Introduction

SARS-Cov-2, a member of the coronavirus family, has been ravaging the world for the past 18 months. Although an effective treatment has eluded the medical community, there have been several registered trials on finding new or repurposed drugs. Several studies have discussed the mechanism of the virus-host interaction and possible treatments1, but safe and effective treatment for the disease is yet to emerge. Drug repurposing seems to be an immediate solution, and various drugs have been suggested for the COVID-19 treatment2,3.

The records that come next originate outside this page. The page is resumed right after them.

(* For every odd integer $m\geq 3$, the edge set of $C_m[4]$ cannot be partitioned into one $C_4$-factor and three $C_m$-factors.
   Context: For a graph $G$ and a positive integer $k$, $G[k]$ is the graph with vertex set $V(G)\times\{0,1,\dots,k-1\}$ in which $(u,i)$ and $(w,j)$ are adjacent if and only if $uw\in E(G)$. $C_m$ is the cycle of length $m$. A $C_k$-factor of a graph is a spanning subgraph each of whose components is a cycle of length $k$. *)

From mathcomp Require Import all_boot.
Set Implicit Arguments. Unset Strict Implicit. Unset Printing Implicit Defensive.

Definition cyc_adj (n : nat) : rel 'I_n :=
  fun i j => (val j == (val i).+1 %% n) || (val i == (val j).+1 %% n).

Definition Cm (m : nat) : rel 'I_m := @cyc_adj m.

Definition blowup (T : finType) (G : rel T) (k : nat) : rel (T * 'I_k) :=
  fun x y => G x.1 y.1.

(* F (a spanning subgraph of G, given by its edge relation) is a C_k-factor of G:
   F uses only edges of G, and the connected component (in F) of every vertex v
   is a cycle of length k, i.e. is the image of an injective c : 'I_k -> V with
   F (c i) (c j) exactly when i j are adjacent in C_k. *)
Definition is_Ck_factor (V : finType) (G F : rel V) (k : nat) : Prop :=
  subrel F G /\
  forall v : V, exists c : 'I_k -> V,
    [/\ injective c,
        (forall w, connect F v w = (w \in codom c)) &
        (forall i j, F (c i) (c j) = @cyc_adj k i j)].

Definition edge_partition4 (V : finType) (G F0 F1 F2 F3 : rel V) : Prop :=
  forall x y, G x y ->
    (F0 x y || F1 x y || F2 x y || F3 x y) /\
    ~~ (F0 x y && F1 x y) /\ ~~ (F0 x y && F2 x y) /\ ~~ (F0 x y && F3 x y) /\
    ~~ (F1 x y && F2 x y) /\ ~~ (F1 x y && F3 x y) /\ ~~ (F2 x y && F3 x y).

(* Every edge of C_m[4] joins consecutive layers V_u = {u} x 'I_4, so along a
   closed walk of length n with b backward steps we get 2 b = n (mod m).  For a
   C_m-factor and m odd this forces b = 0 or b = m: each m-cycle winds once
   around C_m, so every vertex has one factor-neighbour in the next layer and one
   in the previous layer.  A 4-cycle cannot wind (m does not divide 4), so it
   turns back at some vertex v, which thus has two C_4-neighbours in one adjacent
   layer.  Adding one neighbour from each C_m-factor gives five distinct
   neighbours of v in a layer of size 4. *)

From mathcomp Require Import all_boot zify.
Set Implicit Arguments. Unset Strict Implicit.

Lemma edge_partition4_uniq (T : finType) (G F0 F1 F2 F3 : rel T) v a b y1 y2 y3 :
  edge_partition4 G F0 F1 F2 F3 -> subrel F0 G -> subrel F1 G -> subrel F2 G ->
  a != b -> F0 v a -> F0 v b -> F1 v y1 -> F2 v y2 -> F3 v y3 ->
  uniq [:: a; b; y1; y2; y3].
Proof.
move=> part F0G F1G F2G ab F0a F0b F1y1 F2y2 F3y3.
have neq (P Q : rel T) y z : subrel P G -> (forall x, G v x -> ~~ (P v x && Q v x)) ->
    P v y -> Q v z -> y != z.
  move=> PG PQ Py Qz; apply: contraTneq Qz => <-.
  by apply: contraNN (PQ y (PG _ _ Py)) => ->; rewrite Py.
have n01 := neq F0 F1 _ _ F0G (fun x h => (part v x h).2.1).
have n02 := neq F0 F2 _ _ F0G (fun x h => (part v x h).2.2.1).
have n03 := neq F0 F3 _ _ F0G (fun x h => (part v x h).2.2.2.1).
have n12 := neq F1 F2 _ _ F1G (fun x h => (part v x h).2.2.2.2.1).
have n13 := neq F1 F3 _ _ F1G (fun x h => (part v x h).2.2.2.2.2.1).
have n23 := neq F2 F3 _ _ F2G (fun x h => (part v x h).2.2.2.2.2.2).
rewrite /= !inE !negb_or ab (n01 _ _ F0a F1y1) (n02 _ _ F0a F2y2) (n03 _ _ F0a F3y3).
by rewrite (n01 _ _ F0b F1y1) (n02 _ _ F0b F2y2) (n03 _ _ F0b F3y3) (n12 _ _ F1y1 F2y2)
  (n13 _ _ F1y1 F3y3) (n23 _ _ F2y2 F3y3).
Qed.

Section CycleWalk.
Variables (V : finType) (F : rel V) (n : nat) (c : 'I_n -> V) (i0 : 'I_n).
Hypothesis c_adj : forall i j, F (c i) (c j) = cyc_adj i j.

Definition cycle_walk j : V := c (iter j (@ordS n) i0).

Lemma val_iter_ordS j : val (iter j (@ordS n) i0) = (i0 + j) %% n.
Proof.
elim: j => [|j IHj] /=; first by rewrite addn0 modn_small.
by rewrite IHj -addn1 modnDml addn1 addnS.
Qed.

Lemma cycle_walk_step j : F (cycle_walk j) (cycle_walk j.+1).
Proof. by rewrite c_adj /cyc_adj eqxx. Qed.

Lemma cycle_walk_step_sym j : F (cycle_walk j.+1) (cycle_walk j).
Proof. by rewrite c_adj /cyc_adj eqxx orbT. Qed.

Lemma cycle_walk_closed : cycle_walk n = cycle_walk 0.
Proof.
by rewrite /cycle_walk; congr c; apply: val_inj; rewrite val_iter_ordS modnDr modn_small.
Qed.

Lemma cycle_walk_neq2 j : injective c -> 2 < n -> cycle_walk j != cycle_walk j.+2.
Proof.
move=> c_inj n_gt2; apply/eqP => /c_inj /(congr1 val); rewrite !val_iter_ordS.
by rewrite -addn2 addnA -{1}[i0 + j]addn0 => /eqP; rewrite eqn_modDl mod0n modn_small.
Qed.
End CycleWalk.

Section BlowupCm.
Variables m k : nat.
Local Notation V := ('I_m * 'I_k)%type.
Local Notation G := (@blowup _ (@Cm m) k).

Definition fwd (x y : V) : bool := val y.1 == (val x.1).+1 %% m.

Lemma blowup_CmE (x y : V) : G x y = fwd x y || fwd y x.
Proof. by []. Qed.

Lemma fwd_mod (x y : V) : fwd x y -> val y.1 = val x.1 + 1 %[mod m].
Proof. by move/eqP ->; rewrite modn_mod addn1. Qed.

Definition side (d : bool) (v y : V) : bool := if d then fwd v y else fwd y v.

Lemma side_fst d (v y z : V) : side d v y -> side d v z -> y.1 = z.1.
Proof.
move=> hy hz; apply: val_inj => /=.
rewrite -(modn_small (ltn_ord y.1)) -(modn_small (ltn_ord z.1)).
case: d hy hz => /fwd_mod hy /fwd_mod hz; first by rewrite hy hz.
by apply/eqP; rewrite -(eqn_modDr 1) -hy -hz.
Qed.

Lemma uniq_side_size d (v : V) (s : seq V) : uniq s -> all (side d v) s -> size s <= k.
Proof.
move=> us /allP sv; rewrite -(size_map snd).
have /card_uniqP <- : uniq (map snd s).
  rewrite map_inj_in_uniq // => -[y1 y2] [z1 z2] /sv hy /sv hz /= e.
  by have /= -> := side_fst hy hz; rewrite e.
by apply: leq_trans (max_card _) _; rewrite card_ord.
Qed.

Section Walk.
Variable w : nat -> V.
Hypothesis walk_w : forall j, G (w j) (w j.+1).

Definition back_step j : bool := fwd (w j.+1) (w j).

Definition back_steps n : nat := count back_step (iota 0 n).

Lemma side_back_step j : side (back_step j) (w j.+1) (w j).
Proof.
have := walk_w j; rewrite blowup_CmE /side /back_step.
by case: (fwd (w j.+1) (w j)); rewrite ?orbF.
Qed.

Lemma side_fwd_step j : side (~~ back_step j) (w j) (w j.+1).
Proof.
have := walk_w j; rewrite blowup_CmE /side /back_step.
by case: (fwd (w j.+1) (w j)); rewrite ?orbF.
Qed.

Lemma back_stepsS n : back_steps n.+1 = back_steps n + back_step n.
Proof. by rewrite /back_steps -addn1 iotaD count_cat /= addn0. Qed.

Lemma walk_winding n : val (w n).1 + 2 * back_steps n = val (w 0).1 + n %[mod m].
Proof.
elim: n => [|n IHn]; first by rewrite muln0 addn0.
rewrite back_stepsS addnS -[(_ + n).+1]addn1 -[RHS]modnDml -IHn modnDml.
have := walk_w n; rewrite blowup_CmE /back_step.
case: (boolP (fwd (w n.+1) (w n))) => [/fwd_mod h _|_]; last rewrite orbF => /fwd_mod h.
  by rewrite -!addnA -[RHS]modnDml h modnDml; congr (_ %% _); lia.
by rewrite -modnDml h modnDml; congr (_ %% _); lia.
Qed.

Lemma closed_walk_back_steps n : w n = w 0 -> 2 * back_steps n = n %[mod m].
Proof. by move=> wn; have /eqP := walk_winding n; rewrite wn eqn_modDl => /eqP. Qed.

Lemma back_steps_const n :
  (forall i, i < n -> back_step i = back_step 0) -> back_steps n = back_step 0 * n.
Proof.
move=> h; rewrite /back_steps (@eq_in_count _ _ (fun=> back_step 0)); last first.
  by move=> i; rewrite mem_iota => /h.
case: (back_step 0); last exact: count_pred0.
by rewrite mul1n -{2}(size_iota 0 n); apply: count_predT.
Qed.

Lemma extremal_back_steps_const n : (back_steps n == 0) || (back_steps n == n) ->
  forall i, i < n -> back_step i = back_step 0.
Proof.
move=> extremal i lt_in; have in_iota j : j <= i -> j \in iota 0 n by rewrite mem_iota; lia.
case/orP: extremal => [|].
  rewrite eqn0Ngt -has_count => /hasPn none.
  by rewrite (negbTE (none i _)) ?(negbTE (none 0 _)) ?in_iota.
rewrite -{2}(size_iota 0 n) -all_count => /allP all_back.
by rewrite !all_back ?in_iota.
Qed.

Lemma closed_walk_turn n : w n = w 0 -> ~~ (m %| n) ->
  exists2 j, j.+1 < n & back_step j.+1 = ~~ back_step j.
Proof.
move=> wn; case: (boolP (has (fun j => back_step j.+1 != back_step j) (iota 0 n.-1))).
  case/hasP=> j; rewrite mem_iota => /andP[_ lt_jn] neq _; exists j; first by lia.
  by case: (back_step j) (back_step j.+1) neq => [] [].
move=> /hasPn noturn /negP[].
have const i : i < n -> back_step i = back_step 0.
  elim: i => // i IHi lt_in; rewrite -IHi; last by lia.
  have i_in : i \in iota 0 n.-1 by rewrite mem_iota; lia.
  by have /negPn/eqP := noturn i i_in.
have := closed_walk_back_steps wn; rewrite (back_steps_const const) /dvdn.
case: (back_step 0); last by rewrite mul0n mod0n => <-.
by rewrite mul1n mul2n -addnn => h; rewrite -(mod0n m) -(eqn_modDr n) add0n h.
Qed.

Lemma odd_closed_walk_monotone : odd m -> w m = w 0 ->
  forall i, i < m -> back_step i = back_step 0.
Proof.
move=> odd_m wm; apply: extremal_back_steps_const.
have b_le : back_steps m <= m by rewrite -{2}(size_iota 0 m) count_size.
have /dvdnP[q eq_b] : m %| back_steps m.
  by rewrite -(@Gauss_dvdr m 2) ?coprimen2 // /dvdn closed_walk_back_steps // modnn.
rewrite {}eq_b in b_le *.
by case: q b_le => [|[|q]]; rewrite ?mul0n ?mul1n ?eqxx ?orbT //; nia.
Qed.
End Walk.

Lemma odd_Cm_factor_side (F : rel V) : odd m -> is_Ck_factor G F m ->
  forall (d : bool) (v : V), exists2 y, F v y & side d v y.
Proof.
move=> odd_m [FG cyc] d v; have [c [_ conn c_adj]] := cyc v.
have /codomP[i0 ->] : v \in codom c by rewrite -conn connect0.
set w := cycle_walk c i0.
have walk_w j : G (w j) (w j.+1) by apply: FG; apply: (cycle_walk_step i0 c_adj).
have mono := odd_closed_walk_monotone walk_w odd_m (cycle_walk_closed c i0).
have m_gt0 : 0 < m := leq_ltn_trans (leq0n _) (ltn_ord i0).
have [-> | ->] : d = back_step w 0 \/ d = ~~ back_step w 0.
  by case: d; case: back_step; auto.
  have pred_m : m.-1.+1 = m := prednK m_gt0.
  exists (w m.-1).
    by have := cycle_walk_step_sym i0 c_adj m.-1; rewrite pred_m cycle_walk_closed.
  have := side_back_step walk_w m.-1; rewrite mono ?pred_m //.
  by rewrite /w cycle_walk_closed.
exists (w 1); first exact: (cycle_walk_step i0 c_adj 0).
exact: side_fwd_step walk_w 0.
Qed.

Lemma Cn_factor_turn (F : rel V) (n : nat) (v0 : V) : 2 < n -> ~~ (m %| n) ->
  is_Ck_factor G F n ->
  exists d v a b, [/\ a != b, F v a, F v b, side d v a & side d v b].
Proof.
move=> n_gt2 ndvd_mn [FG cyc]; have [c [c_inj _ c_adj]] := cyc v0.
set i0 : 'I_n := Ordinal (ltn_trans (isT : 0 < 2) n_gt2); set w := cycle_walk c i0.
have walk_w j : G (w j) (w j.+1) by apply: FG; apply: (cycle_walk_step i0 c_adj).
have [j _ turn] := closed_walk_turn walk_w (cycle_walk_closed c i0) ndvd_mn.
exists (back_step w j), (w j.+1), (w j), (w j.+2); split.
- exact: cycle_walk_neq2.
- exact: (cycle_walk_step_sym i0 c_adj).
- exact: (cycle_walk_step i0 c_adj).
- exact: side_back_step.
- by rewrite -[back_step w j]negbK -turn; apply: side_fwd_step.
Qed.
End BlowupCm.

Theorem mainTheorem5 (m : nat) (hodd : odd m) (hm : 3 <= m) :
  ~ exists F0 F1 F2 F3 : rel ('I_m * 'I_4),
      [/\ is_Ck_factor (@blowup _ (@Cm m) 4) F0 4,
          is_Ck_factor (@blowup _ (@Cm m) 4) F1 m,
          is_Ck_factor (@blowup _ (@Cm m) 4) F2 m,
          is_Ck_factor (@blowup _ (@Cm m) 4) F3 m &
          edge_partition4 (@blowup _ (@Cm m) 4) F0 F1 F2 F3].
Proof.
move=> [F0 [F1 [F2 [F3 [C4 Cm1 Cm2 Cm3 part]]]]].
have m_gt0 : 0 < m := leq_trans (isT : 0 < 3) hm.
have ndvd_m4 : ~~ (m %| 4).
  apply/negP => dvd_m4; have := dvdn_leq (isT : 0 < 4) dvd_m4.
  by case: m hodd hm dvd_m4 {F0 F1 F2 F3 C4 Cm1 Cm2 Cm3 part m_gt0} => [|[|[|[|[|]]]]].
have [d [v [a [b [ab F0a F0b sa sb]]]]] :=
  Cn_factor_turn (Ordinal m_gt0, ord0) (isT : 2 < 4) ndvd_m4 C4.
have [y1 F1y1 s1] := odd_Cm_factor_side hodd Cm1 d v.
have [y2 F2y2 s2] := odd_Cm_factor_side hodd Cm2 d v.
have [y3 F3y3 s3] := odd_Cm_factor_side hodd Cm3 d v.
have uniq_nbrs := edge_partition4_uniq part C4.1 Cm1.1 Cm2.1 ab F0a F0b F1y1 F2y2 F3y3.
have := uniq_side_size (d := d) (v := v) uniq_nbrs.
by rewrite /= sa sb s1 s2 s3 => /(_ isT).
Qed.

The drugs required to combat the pathogen may fall into one or more of the following categories: antivirals, anti-inflammatory agents, and supportive therapies4,5. According to V’Kovski1 the antiviral action can be based on the stages of viral-host interactions. These include attachment and virus neutralisation, host protease inhibitors that stop the entry of the virus, viral protease inhibitors, viral RdRp inhibitors, and viral maturation inhibitors. Frediansyah et al.6 enumerated the possible antiviral solutions at various stages of interactions. The role of cathepsin L in cleavage of the S protein complex and subsequent release of virus genome is well documented. Inhibiting cathepsin L inhibits the entry of SARS-Cov-2 by 76%7.

Pro-inflammatory cytokine production is natural during the immune response. The elimination of virus-infected cells is an essential step in disease control. If this step, which naturally follows virus entry and replication, is defective or prolonged, it can result in a cytokine storm8, an uncontrolled release of pro-inflammatory cytokines. Several interleukins are involved in a cytokine storm, the foremost being interleukin 6 (IL-6), IL-18, and IL-179. IL-17 also seems to have a role as the interaction partner of SARS-Cov-2. Therefore, anti-inflammatory drugs targeting the production of these interleukins are necessary for COVID-19 treatment.

Indomethacin as a drug for SARS-Cov-2

Amici et al.10 were the first to identify the antiviral activity of indomethacin. They recorded the antiviral activities of indomethacin against SARS-Cov-1 in vitro. Xu et al.11 presented evidence of its antiviral activity against SARS-Cov-2. Their investigations covered the antiviral effect of indomethacin in vitro, cellular, corona-infected canine models. They also stated that indomethacin does not reduce infectivity, binding, or entry into target cells. This conclusion is based on the results of Amici et al.10 for SARS-Cov-1, although computer models have indicated otherwise12. Downregulation of ACE2 and TMPRSS2 is important to reduce infectivity. Using an open-source code, Gene2Drug, Napolitano et al.12 showed in a computer model that indomethacin downregulates ACE2 by suppressing the genes in the ACE2 pathway. Raghav et al.13 depicted the role of indomethacin in inhibiting cathepsin L activity required for fusion. Interestingly, no other non-steroidal anti-inflammatory drugs13 projected this quality.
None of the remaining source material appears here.